How do the lines below between the ones holding "move=> x0_neq_x1; pose" and "Section Anisotropic.", inclusive, read? Give them again exactly, with no other lines.

↓

(* Let $F$ be a finite field of odd characteristic in which $-1$ is not a square, fix $C_0\ge1$, let $m\ge1$, and let $A,B\subseteq F^2$ with $m/2\le|A|,|B|\le 2m$ be such that either both $A$ and $B$ are $k$-regular (with constant $C_0$) for the same $k$, or both $A$ and $B$ are irregular. Then $$\min\Big\{|F|\big(\mathcal{R}(A)\mathcal{R}(B)\big)^{1/2},\ \mathcal{T}(A,B)\Big\}\lesssim m^{8/3}|F|^{2/3}+m^{7/2},$$ with implied constant depending only on $C_0$.
   Context: $x\cdot y=x_1y_1+x_2y_2$ on $F^2$. $(x_0,x_1,x_2)$ is a corner if $(x_1-x_0)\cdot(x_2-x_1)=0$; $(x_0,x_1,x_2,x_3)$ is a rectangle if each $(x_i,x_{i+1},x_{i+2})$, indices mod 4, is a corner; $\mathcal{R}(A)$ is the number of rectangles in $A^4$. $(x_1,x_2,x_3,x_4)$ is a trapezoid if $x_1-x_2=\lambda(x_3-x_4)$ for some $\lambda\in F$; $\mathcal{T}(A,B)$ is the number of trapezoids with $x_1,x_2\in A$, $x_3,x_4\in B$. A line is $\{p+tv:t\in F\}$, $v\ne0$. $A$ is $k$-regular (with constant $C_0$) if $k\le C_0|A|^{1/2}$ and there exist a set $L$ of lines with $k/C_0\le|L|\le C_0k$ and a partition $A=\bigsqcup_{\ell\in L}A_\ell$, $A_\ell\subseteq\ell$, with $|A|/(C_0k)\le|A_\ell|\le C_0|A|/k$ for each $\ell$. $A$ is irregular if $|\ell\cap A|\le|A|^{1/2}$ for every line $\ell$. *)

From mathcomp Require Import all_boot all_order all_algebra.
From Stdlib Require Import Reals.
Set Implicit Arguments. Unset Strict Implicit. Unset Printing Implicit Defensive.
Import GRing.Theory.

Section Defs.
Variable F : finFieldType.

Definition pt := (F * F)%type.
Local Open Scope ring_scope.

Definition neg1_nonsquare : Prop := ~ (exists x : F, x * x = -1).

Definition odd_char : Prop := 2%N \notin [pchar F].

Definition psub (x y : pt) : pt := (x.1 - y.1, x.2 - y.2).
Definition dot (x y : pt) : F := x.1 * y.1 + x.2 * y.2.

Definition corner (x0 x1 x2 : pt) : bool := dot (psub x1 x0) (psub x2 x1) == 0.

Definition rectangle (x0 x1 x2 x3 : pt) : bool :=
  [&& corner x0 x1 x2, corner x1 x2 x3, corner x2 x3 x0 & corner x3 x0 x1].

Definition nrect (A : {set pt}) : nat :=
  #|[set q : pt * pt * pt * pt |
      [&& q.1.1.1 \in A, q.1.1.2 \in A, q.1.2 \in A, q.2 \in A &
          rectangle q.1.1.1 q.1.1.2 q.1.2 q.2]]|.

Definition trapezoid (x1 x2 x3 x4 : pt) : bool :=
  [exists l : F, psub x1 x2 == (l * (psub x3 x4).1, l * (psub x3 x4).2)].

Definition ntrap (A B : {set pt}) : nat :=
  #|[set q : pt * pt * pt * pt |
      [&& q.1.1.1 \in A, q.1.1.2 \in A, q.1.2 \in B, q.2 \in B &
          trapezoid q.1.1.1 q.1.1.2 q.1.2 q.2]]|.

Definition line_through (p v : pt) : {set pt} :=
  [set (p.1 + t * v.1, p.2 + t * v.2) | t : F].

Definition is_line (l : {set pt}) : Prop :=
  exists p v : pt, v != (0, 0) /\ l = line_through p v.

Local Close Scope ring_scope.
Local Open Scope R_scope.

Definition k_regular (C0 k : R) (A : {set pt}) : Prop :=
  k <= C0 * sqrt (INR #|A|) /\
  exists (L : {set {set pt}}) (AL : {set pt} -> {set pt}),
    (forall l, l \in L -> is_line l) /\
    k / C0 <= INR #|L| <= C0 * k /\
    A = \bigcup_(l in L) AL l /\
    (forall l1 l2, l1 \in L -> l2 \in L -> l1 != l2 -> [disjoint AL l1 & AL l2]) /\
    (forall l, l \in L -> (AL l \subset l) /\
        INR #|A| / (C0 * k) <= INR #|AL l| <= C0 * INR #|A| / k).

Definition irregular (A : {set pt}) : Prop :=
  forall l, is_line l -> INR #|l :&: A| <= sqrt (INR #|A|).

End Defs.

(* Since -1 is not a square, the dot product is anisotropic: [dot u u = 0] forces [u = 0].
   Hence a rectangle is determined by three of its vertices, and its third vertex lies on the
   line through [x1] orthogonal to [x1 - x0]; so R(A) is at most the sum, over pairs in A^2,
   of the number of points of A on such a line.  Likewise T(A,B) is at most the sum, over
   (x1, x3, x4) in A x B x B, of the number of points of A on the line x1 + F (x3 - x4).
   For a k-regular set a line meets A in at most |L| ~ k points unless it is one of the lines
   of the partition, and few pairs or triples produce such lines.  This gives
   R(A) <~ k m^2 and T(A,B) <~ m^(7/2) + m^4 / k^2, and the minimum of |F| k m^2 and
   m^4 / k^2 is at most m^(8/3) |F|^(2/3).  For irregular sets every line meets A in at most
   |A|^(1/2) points, so T(A,B) <~ m^(7/2). *)

From mathcomp Require Import all_boot all_order all_algebra.
From Stdlib Require Import Reals Lra Psatz.
From mathcomp Require Import ring.
Import GRing.Theory.
Set Implicit Arguments. Unset Strict Implicit. Unset Printing Implicit Defensive.

Section Counting.
Variables T U : finType.

Lemma card_le_sum_fibers (S : {set T}) (D : {pred U}) (f : T -> U) (g : U -> nat) :
  {in S, forall x, f x \in D} ->
  {in D, forall u, #|[set x in S | f x == u]| <= g u} ->
  #|S| <= \sum_(u in D) g u.
Proof.
move=> fD hg; rewrite -sum1_card (partition_big f (mem D)) //=.
apply: leq_sum => u uD; apply: leq_trans (hg u uD).
by rewrite -sum1_card; apply/eq_leq/eq_bigl => x; rewrite inE.
Qed.

Lemma card_le_mul_fibers (S : {set T}) (D : {pred U}) (f : T -> U) (c : nat) :
  {in S, forall x, f x \in D} ->
  {in D, forall u, #|[set x in S | f x == u]| <= c} ->
  #|S| <= #|D| * c.
Proof.
by move=> fD hc; rewrite -sum_nat_const; apply: (card_le_sum_fibers (g := fun=> c) fD).
Qed.

Lemma card_le_in_inj (S : {pred T}) (D : {pred U}) (f : T -> U) :
  {in S &, injective f} -> {in S, forall x, f x \in D} -> #|S| <= #|D|.
Proof.
move=> inj fD; rewrite -(card_in_imset inj); apply: subset_leq_card.
by apply/subsetP => _ /imsetP [x Sx ->]; apply: fD.
Qed.

Lemma sum_indicator_mul (D : {pred U}) (P : pred U) (c : nat) :
  \sum_(u in D) P u * c = #|[set u in D | P u]| * c.
Proof.
rewrite -big_distrl /= -sum1_card; congr (_ * _).
rewrite big_mkcond [RHS]big_mkcond /=; apply: eq_bigr => u _.
by rewrite inE; case: (u \in D); case: (P u).
Qed.

Lemma card_bigcup_le (I : finType) (P : {pred I}) (Y : I -> {set T}) :
  #|\bigcup_(i in P) Y i| <= \sum_(i in P) #|Y i|.
Proof.
apply: (big_ind2 (fun (X : {set T}) n => #|X| <= n)) => // [|X1 n1 X2 n2 h1 h2].
  by rewrite cards0.
by apply: leq_trans (leq_card_setU X1 X2) (leq_add h1 h2).
Qed.

End Counting.

Section Plane.
Variable F : finFieldType.
Local Open Scope ring_scope.

Lemma card_setT_gt0 : (0 < #|[set: F]|)%nat.
Proof. by apply/card_gt0P; exists 0; rewrite inE. Qed.

Definition padd (x y : pt F) : pt F := (x.1 + y.1, x.2 + y.2).

Lemma psub_eq0 (u v : pt F) : psub u v = (0, 0) -> u = v.
Proof. by case: u v => [a b] [c d] [/eqP + /eqP]; rewrite !subr_eq0 => /eqP -> /eqP ->. Qed.

Lemma line_throughP (p v x : pt F) :
  reflect (exists t, x = (p.1 + t * v.1, p.2 + t * v.2)) (x \in line_through p v).
Proof. by apply: (iffP imsetP) => [[t _ ->]|[t ->]]; exists t. Qed.

Lemma line_through_base (p v : pt F) : p \in line_through p v.
Proof. by apply/line_throughP; exists 0; rewrite !mul0r !addr0; case: p. Qed.

Lemma line_through_psubxx (p x : pt F) : line_through p (psub x x) = [set p].
Proof.
apply/setP => y; rewrite inE /psub !subrr; apply/line_throughP/eqP => [[t ->]|->].
  by rewrite !mulr0 !addr0; case: p.
by exists 0; rewrite !mulr0 !addr0; case: p.
Qed.

Lemma line_through_psub_is_line (p x y : pt F) : x != y -> is_line (line_through p (psub x y)).
Proof.
by move=> x_neq_y; exists p, (psub x y); split => //; apply: contra_neq x_neq_y => /psub_eq0.
Qed.

Lemma trapezoid_line_through (x1 x2 x3 x4 : pt F) :
  trapezoid x1 x2 x3 x4 -> x2 \in line_through x1 (psub x3 x4).
Proof.
case/existsP => t /eqP x12E; apply/line_throughP; exists (- t).
case: x1 x2 x12E => [a1 a2] [b1 b2] [e1 e2] /=.
by congr (_, _); rewrite /psub /= mulNr -?e1 -?e2; ring.
Qed.

Definition cross (u v : pt F) : F := u.1 * v.2 - u.2 * v.1.

Lemma line_through_cross (p v x : pt F) : v != (0, 0) ->
  (x \in line_through p v) = (cross (psub x p) v == 0).
Proof.
move=> v_neq0; apply/line_throughP/eqP => [[t ->]|].
  by rewrite /cross /psub /=; ring.
case: v v_neq0 x p => v1 v2 v_neq0 [x1 x2] [p1 p2]; rewrite /cross /psub /= => /eqP.
rewrite subr_eq0 => /eqP h.
have [v1_0|v1_neq0] := eqVneq v1 0.
  have v2_neq0 : v2 != 0 by apply: contraNneq v_neq0 => ->; rewrite v1_0.
  move: h; rewrite v1_0 mulr0 => /eqP; rewrite mulf_eq0 (negPf v2_neq0) orbF.
  rewrite subr_eq0 => /eqP x1E.
  by exists ((x2 - p2) / v2); rewrite divfK // mulr0 addr0 x1E; congr (_, _); ring.
exists ((x1 - p1) / v1); rewrite divfK //; congr (_, _); first by ring.
apply: (mulIf v1_neq0); rewrite mulrDl mulrAC divfK // h; ring.
Qed.

Lemma line_eq_cross (l : {set pt F}) x y : is_line l -> x \in l -> y \in l -> x != y ->
  l = [set z | cross (psub z x) (psub y x) == 0].
Proof.
case=> p [v [v_neq0 ->]] /line_throughP [s xE] /line_throughP [t yE] x_neq_y.
have st_neq0 : t - s != 0.
  by apply: contraNneq x_neq_y => /eqP; rewrite subr_eq0 xE yE => /eqP ->.
apply/setP=> z; rewrite inE line_through_cross //.
have -> : cross (psub z x) (psub y x) = (t - s) * cross (psub z p) v.
  by rewrite xE yE /cross /psub /=; ring.
by rewrite mulf_eq0 (negPf st_neq0).
Qed.

Lemma card_meet_lines (l1 l2 : {set pt F}) : is_line l1 -> is_line l2 -> l1 != l2 ->
  (#|l1 :&: l2| <= 1)%nat.
Proof.
move=> l1_line l2_line l1_neq_l2; apply/card_le1_eqP => x y.
rewrite !inE => /andP [x_l1 x_l2] /andP [y_l1 y_l2]; apply/eqP.
apply: contraNT l1_neq_l2; rewrite eq_sym => x_neq_y.
by rewrite (line_eq_cross l1_line x_l1 y_l1 x_neq_y) (line_eq_cross l2_line x_l2 y_l2 x_neq_y).
Qed.

(* For [x0 != x1] the line through [x1] orthogonal to [x1 - x0]; the whole plane if [x0 = x1]. *)
Definition perp_line (x0 x1 : pt F) : {set pt F} := [set x | corner x0 x1 x].

Lemma perp_line_is_line (x0 x1 : pt F) : x0 != x1 -> is_line (perp_line x0 x1).
Proof.
move=> x0_neq_x1; pose v := (- (x1.2 - x0.2), x1.1 - x0.1).
have v_neq0 : v != (0, 0).
  apply: contraNneq x0_neq_x1 => -[/eqP u2_0 /eqP u1_0]; move: u2_0 u1_0.
  by rewrite oppr_eq0 !subr_eq0; clear v; case: x0 x1 => [? ?] [? ?] /= /eqP -> /eqP ->.
exists x1, v; split => //; apply/setP => x.
by rewrite inE line_through_cross // /corner /cross /dot /=; congr (_ == 0); ring.
Qed.

Definition point_mirror (c : pt F) (l : {set pt F}) : {set pt F} := [set psub c x | x in l].

Lemma point_mirror_is_line c (l : {set pt F}) : is_line l -> is_line (point_mirror c l).
Proof.
case=> p [v [v_neq0 ->]]; exists (psub c p), (- v.1, - v.2); split.
  by apply: contraNneq v_neq0 => -[/eqP v1_0 /eqP v2_0]; move: v1_0 v2_0;
     rewrite !oppr_eq0; case: v => ? ? /= /eqP -> /eqP ->.
rewrite /point_mirror /line_through -imset_comp; apply: eq_imset => t /=.
by rewrite /psub /=; congr (_, _); ring.
Qed.

Lemma mem_point_mirror_line_through (x1 x3 x4 : pt F) :
  x4 \in point_mirror (padd x1 x3) (line_through x1 (psub x3 x4)).
Proof.
apply/imsetP; exists (padd x1 (psub x3 x4)).
  by apply/line_throughP; exists 1; rewrite !mul1r.
by rewrite /padd /psub /=; case: x4 => ? ? /=; congr (_, _); ring.
Qed.

Section Anisotropic.
Hypothesis neg1_nonsq : neg1_nonsquare F.

Lemma dot_self_eq0 (u : pt F) : dot u u = 0 -> u = (0, 0).
Proof.
case: u => a b; rewrite /dot /= => sum_sq0.
have [a0|a_neq0] := eqVneq a 0.
  by move: sum_sq0; rewrite a0 mul0r add0r => /eqP; rewrite mulf_eq0 orbb => /eqP ->.
exfalso; apply: neg1_nonsq; exists (b / a).
have bbE : b * b = - (a * a) by apply/eqP; rewrite -subr_eq0 opprK addrC sum_sq0.
by rewrite mulrACA -invfM bbE mulNr divff // mulf_neq0.
Qed.

Lemma perp_line_inj (x0 : pt F) : injective (perp_line x0).
Proof.
move=> x1 y1 lineE.
have y1_in : y1 \in perp_line x0 x1.
  by rewrite lineE inE /corner /dot /psub /= !subrr !mulr0 addr0.
have x1_in : x1 \in perp_line x0 y1.
  by rewrite -lineE inE /corner /dot /psub /= !subrr !mulr0 addr0.
rewrite !inE /corner in y1_in x1_in.
apply/psub_eq0/dot_self_eq0.
have -> : dot (psub x1 y1) (psub x1 y1) =
    - (dot (psub x1 x0) (psub y1 x1) + dot (psub y1 x0) (psub x1 y1)).
  by rewrite /dot /psub /=; ring.
by rewrite (eqP y1_in) (eqP x1_in) addr0 oppr0.
Qed.

Lemma rectangle_opposite (x0 x1 x2 x3 : pt F) :
  rectangle x0 x1 x2 x3 -> x3 = psub (padd x0 x2) x1.
Proof.
case/and4P => /eqP c1 /eqP c2 /eqP c3 /eqP c4; apply/esym/psub_eq0/dot_self_eq0.
set y := psub _ _.
have -> : dot y y = - (dot (psub x1 x0) (psub x2 x1) + dot (psub x2 x1) (psub x3 x2)
                      + dot (psub x3 x2) (psub x0 x3) + dot (psub x0 x3) (psub x1 x0)).
  by rewrite /y /dot /psub /padd /=; ring.
by rewrite c1 c2 c3 c4 !addr0 oppr0.
Qed.

End Anisotropic.

End Plane.

(* What the counting uses of a k-regular partition: parts [AL l] on the lines [l \in L]
   covering [A], of size at most [M]. *)
Definition line_cover (F : finFieldType) (A : {set pt F}) (L : {set {set pt F}})
    (AL : {set pt F} -> {set pt F}) (M : nat) : Prop :=
  [/\ {in L, forall l, is_line l}, A \subset \bigcup_(l in L) AL l,
      {in L, forall l, AL l \subset l} & {in L, forall l, #|AL l| <= M}].

Section LineCover.
Variables (F : finFieldType) (A : {set pt F}) (L : {set {set pt F}}).
Variables (AL : {set pt F} -> {set pt F}) (M : nat).
Hypothesis cover : line_cover A L AL M.

Lemma card_meet_line_cover (ell : {set pt F}) :
  is_line ell -> #|A :&: ell| <= #|L| + (ell \in L) * M.
Proof.
case: cover => L_lines A_cover AL_sub AL_card ell_line.
have : A :&: ell \subset \bigcup_(l in L) (AL l :&: ell).
  apply/subsetP => x /setIP [/(subsetP A_cover)/bigcupP [l lL x_l] x_ell].
  by apply/bigcupP; exists l; rewrite // inE x_l.
move/subset_leq_card/leq_trans; apply; apply: leq_trans (card_bigcup_le _ _) _.
apply: (@leq_trans (\sum_(l in L) (1 + (l == ell) * M))).
  apply: leq_sum => l lL; have [<-|l_neq_ell] := eqVneq l ell.
    rewrite mul1n (leq_trans _ (leq_addl 1 M)) //.
    exact: leq_trans (subset_leq_card (subsetIl _ _)) (AL_card _ lL).
  rewrite mul0n addn0; apply: leq_trans (card_meet_lines (L_lines l lL) ell_line l_neq_ell).
  exact/subset_leq_card/setSI/AL_sub.
rewrite big_split /= sum1_card leq_add2l.
have [ell_L|ell_notL] := boolP (ell \in L).
  by rewrite (bigD1 ell) //= eqxx big1 ?addn0 // => l /andP [_ /negPf ->].
by rewrite big1 // => l lL; case: eqP => // l_ell; move: lL; rewrite l_ell (negPf ell_notL).
Qed.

↑

Response to the exercise:
move=> x0_neq_x1; pose v := (- (x1.2 - x0.2), x1.1 - x0.1).
have v_neq0 : v != (0, 0).
  apply: contraNneq x0_neq_x1 => -[/eqP u2_0 /eqP u1_0]; move: u2_0 u1_0.
  by rewrite oppr_eq0 !subr_eq0; clear v; case: x0 x1 => [? ?] [? ?] /= /eqP -> /eqP ->.
exists x1, v; split => //; apply/setP => x.
by rewrite inE line_through_cross // /corner /cross /dot /=; congr (_ == 0); ring.
Qed.

Definition point_mirror (c : pt F) (l : {set pt F}) : {set pt F} := [set psub c x | x in l].

Lemma point_mirror_is_line c (l : {set pt F}) : is_line l -> is_line (point_mirror c l).
Proof.
case=> p [v [v_neq0 ->]]; exists (psub c p), (- v.1, - v.2); split.
  by apply: contraNneq v_neq0 => -[/eqP v1_0 /eqP v2_0]; move: v1_0 v2_0;
     rewrite !oppr_eq0; case: v => ? ? /= /eqP -> /eqP ->.
rewrite /point_mirror /line_through -imset_comp; apply: eq_imset => t /=.
by rewrite /psub /=; congr (_, _); ring.
Qed.

Lemma mem_point_mirror_line_through (x1 x3 x4 : pt F) :
  x4 \in point_mirror (padd x1 x3) (line_through x1 (psub x3 x4)).
Proof.
apply/imsetP; exists (padd x1 (psub x3 x4)).
  by apply/line_throughP; exists 1; rewrite !mul1r.
by rewrite /padd /psub /=; case: x4 => ? ? /=; congr (_, _); ring.
Qed.

Section Anisotropic.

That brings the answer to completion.